Lemma covers_lt_agree (f : word) (p q : 'S_n) t u : t < n -> u < n ->
  nth None f t != None -> nth None f u != None -> covers f p -> covers f q ->
  (pnat p t < pnat p u) = (pnat q t < pnat q u).
Proof.
move=> tn un; case ft: (nth None f t) => [a|] //; case fu: (nth None f u) => [b|] // _ _.
by move=> /covers_natP cov_p /covers_natP cov_q; rewrite -(cov_p t u a b) // -(cov_q t u a b).
Qed.

Lemma covers_inj (f : word) (p q : 'S_n) :
  (forall t, t < n -> nth None f t != None) -> covers f p -> covers f q -> p = q.
Proof.
move=> f_int cov_p cov_q; apply: eq_perm_pattern => t u tu un.
have tn := ltn_trans tu un.
exact: covers_lt_agree (f_int t tn) (f_int u un) cov_p cov_q.
Qed.

Lemma covers_value_inj (f : word) (p q : 'S_n) j : j < n ->
  (forall t, t < n -> t != j -> nth None f t != None) ->
  covers f p -> covers f q -> pnat p j = pnat q j -> p = q.
Proof.
move=> jn f_int cov_p cov_q pq_j; apply: (eq_perm_value_pattern jn pq_j) => t u tn un tj uj.
exact: covers_lt_agree (f_int t tn tj) (f_int u un uj) cov_p cov_q.
Qed.

Lemma covers_exists (f : word) :
  (forall t, t < n -> nth None f t != None) -> distinct_ints (take n f) ->
  exists p : 'S_n, covers f p.
Proof.
move=> f_int f_uniq; pose v t := odflt 0 (nth None f t).
have f_v t : t < n -> nth None f t = Some (v t).
  by move=> tn; rewrite /v; case: (nth None f t) (f_int t tn).
have v_inj t u : t < n -> u < n -> v t = v u -> t = u.
  move=> tn un vtu; have sf : n <= size f.
    by rewrite leqNgt; apply/negP => fn; have := f_int _ fn; rewrite nth_default.
  apply: (distinct_ints_nth (a := v t) f_uniq); rewrite ?size_take_min ?nth_take ?f_v ?vtu //; lia.
exists (perm_of v_inj); apply/covers_natP => t u a b tn un.
by rewrite !f_v // => -[<-] [<-]; rewrite perm_of_lt.
Qed.

(* The new first value is placed just above every [pnat p u] whose letter is below [c]. *)
Lemma covers_cons (c : letter) (f : word) (p : 'S_n) :
  distinct_ints (take n (c :: f)) -> covers f p ->
  exists r : 'S_n, covers (c :: f) r /\
    forall t u, t < n' -> u < n' -> (pnat r t.+1 < pnat r u.+1) = (pnat p t < pnat p u).
Proof.
move=> cf_uniq /covers_natP cov_p.
pose below (u : 'I_n') := if (nth None f u, c) is (Some b, Some a) then b < a else false.
pose m := \max_(u : 'I_n' | below u) (pnat p u).+1.
pose v t := if t is t'.+1 then (pnat p t').*2.+1 else m.*2.
have v_inj t u : t < n -> u < n -> v t = v u -> t = u.
  case: t u => [|t] [|u] //= tn un; try lia.
  by move=> e; congr S; apply: (pnat_inj (p := p)); lia.
exists (perm_of v_inj); split=> [|t u tn un]; last by rewrite !perm_of_lt //= ltnS; lia.
have c_fresh a u b : c = Some a -> u < n' -> nth None f u = Some b -> a != b.
  move=> ca un fu; have uf : u < size f.
    by rewrite ltnNge; apply/negP => /(nth_default None); rewrite fu.
  move: cf_uniq; rewrite /distinct_ints ca /= => /andP [a_notin _].
  apply: contraNneq a_notin => ->; rewrite mem_pmap map_id -fu -(nth_take None un).
  by rewrite mem_nth // size_take_min leq_min un uf.
have m_le a u b : c = Some a -> u < n' -> nth None f u = Some b -> (m <= pnat p u) = (a < b).
  move=> ca un fu; have := c_fresh a u b ca un fu.
  case: ltngtP => // [ab|ba] _.
    apply/bigmax_leqP => s; rewrite /below ca; case fs: (nth None f s) => [b'|] // b'a.
    by rewrite -(cov_p _ _ _ _ (ltnW (ltn_ord s)) (ltnW un) fs fu); apply: ltn_trans ab.
  apply/negbTE; rewrite -ltnNge.
  apply: (@leq_bigmax_cond _ below (fun u : 'I_n' => (pnat p u).+1) (Ordinal un)).
  by rewrite /below /= fu ca.
apply/covers_natP => -[|t] [|u] a b tn un /=; rewrite !perm_of_lt //=.
- by move=> -> [->]; rewrite !ltnn.
- by move=> ca fu; rewrite -(m_le a u b) //; lia.
- move=> ft cb; have := m_le b t a cb tn ft.
  by have := c_fresh b t a cb tn ft; case: ltngtP; lia.
- by move=> ft fu; rewrite (cov_p t u a b) //; lia.
Qed.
- - -
AIM OF THE TASK:
The answer must be the full listing, written out word for word.

RESULT:
Lemma covers_lt_agree (f : word) (p q : 'S_n) t u : t < n -> u < n ->
  nth None f t != None -> nth None f u != None -> covers f p -> covers f q ->
  (pnat p t < pnat p u) = (pnat q t < pnat q u).
Proof.
move=> tn un; case ft: (nth None f t) => [a|] //; case fu: (nth None f u) => [b|] // _ _.
by move=> /covers_natP cov_p /covers_natP cov_q; rewrite -(cov_p t u a b) // -(cov_q t u a b).
Qed.

Lemma covers_inj (f : word) (p q : 'S_n) :
  (forall t, t < n -> nth None f t != None) -> covers f p -> covers f q -> p = q.
Proof.
move=> f_int cov_p cov_q; apply: eq_perm_pattern => t u tu un.
have tn := ltn_trans tu un.
exact: covers_lt_agree (f_int t tn) (f_int u un) cov_p cov_q.
Qed.

Lemma covers_value_inj (f : word) (p q : 'S_n) j : j < n ->
  (forall t, t < n -> t != j -> nth None f t != None) ->
  covers f p -> covers f q -> pnat p j = pnat q j -> p = q.
Proof.
move=> jn f_int cov_p cov_q pq_j; apply: (eq_perm_value_pattern jn pq_j) => t u tn un tj uj.
exact: covers_lt_agree (f_int t tn tj) (f_int u un uj) cov_p cov_q.
Qed.

Lemma covers_exists (f : word) :
  (forall t, t < n -> nth None f t != None) -> distinct_ints (take n f) ->
  exists p : 'S_n, covers f p.
Proof.
move=> f_int f_uniq; pose v t := odflt 0 (nth None f t).
have f_v t : t < n -> nth None f t = Some (v t).
  by move=> tn; rewrite /v; case: (nth None f t) (f_int t tn).
have v_inj t u : t < n -> u < n -> v t = v u -> t = u.
  move=> tn un vtu; have sf : n <= size f.
    by rewrite leqNgt; apply/negP => fn; have := f_int _ fn; rewrite nth_default.
  apply: (distinct_ints_nth (a := v t) f_uniq); rewrite ?size_take_min ?nth_take ?f_v ?vtu //; lia.
exists (perm_of v_inj); apply/covers_natP => t u a b tn un.
by rewrite !f_v // => -[<-] [<-]; rewrite perm_of_lt.
Qed.

(* The new first value is placed just above every [pnat p u] whose letter is below [c]. *)
Lemma covers_cons (c : letter) (f : word) (p : 'S_n) :
  distinct_ints (take n (c :: f)) -> covers f p ->
  exists r : 'S_n, covers (c :: f) r /\
    forall t u, t < n' -> u < n' -> (pnat r t.+1 < pnat r u.+1) = (pnat p t < pnat p u).
Proof.
move=> cf_uniq /covers_natP cov_p.
pose below (u : 'I_n') := if (nth None f u, c) is (Some b, Some a) then b < a else false.
pose m := \max_(u : 'I_n' | below u) (pnat p u).+1.
pose v t := if t is t'.+1 then (pnat p t').*2.+1 else m.*2.
have v_inj t u : t < n -> u < n -> v t = v u -> t = u.
  case: t u => [|t] [|u] //= tn un; try lia.
  by move=> e; congr S; apply: (pnat_inj (p := p)); lia.
exists (perm_of v_inj); split=> [|t u tn un]; last by rewrite !perm_of_lt //= ltnS; lia.
have c_fresh a u b : c = Some a -> u < n' -> nth None f u = Some b -> a != b.
  move=> ca un fu; have uf : u < size f.
    by rewrite ltnNge; apply/negP => /(nth_default None); rewrite fu.
  move: cf_uniq; rewrite /distinct_ints ca /= => /andP [a_notin _].
  apply: contraNneq a_notin => ->; rewrite mem_pmap map_id -fu -(nth_take None un).
  by rewrite mem_nth // size_take_min leq_min un uf.
have m_le a u b : c = Some a -> u < n' -> nth None f u = Some b -> (m <= pnat p u) = (a < b).
  move=> ca un fu; have := c_fresh a u b ca un fu.
  case: ltngtP => // [ab|ba] _.
    apply/bigmax_leqP => s; rewrite /below ca; case fs: (nth None f s) => [b'|] // b'a.
    by rewrite -(cov_p _ _ _ _ (ltnW (ltn_ord s)) (ltnW un) fs fu); apply: ltn_trans ab.
  apply/negbTE; rewrite -ltnNge.
  apply: (@leq_bigmax_cond _ below (fun u : 'I_n' => (pnat p u).+1) (Ordinal un)).
  by rewrite /below /= fu ca.
apply/covers_natP => -[|t] [|u] a b tn un /=; rewrite !perm_of_lt //=.
- by move=> -> [->]; rewrite !ltnn.
- by move=> ca fu; rewrite -(m_le a u b) //; lia.
- move=> ft cb; have := m_le b t a cb tn ft.
  by have := c_fresh b t a cb tn ft; case: ltngtP; lia.
- by move=> ft fu; rewrite (cov_p t u a b) //; lia.
Qed.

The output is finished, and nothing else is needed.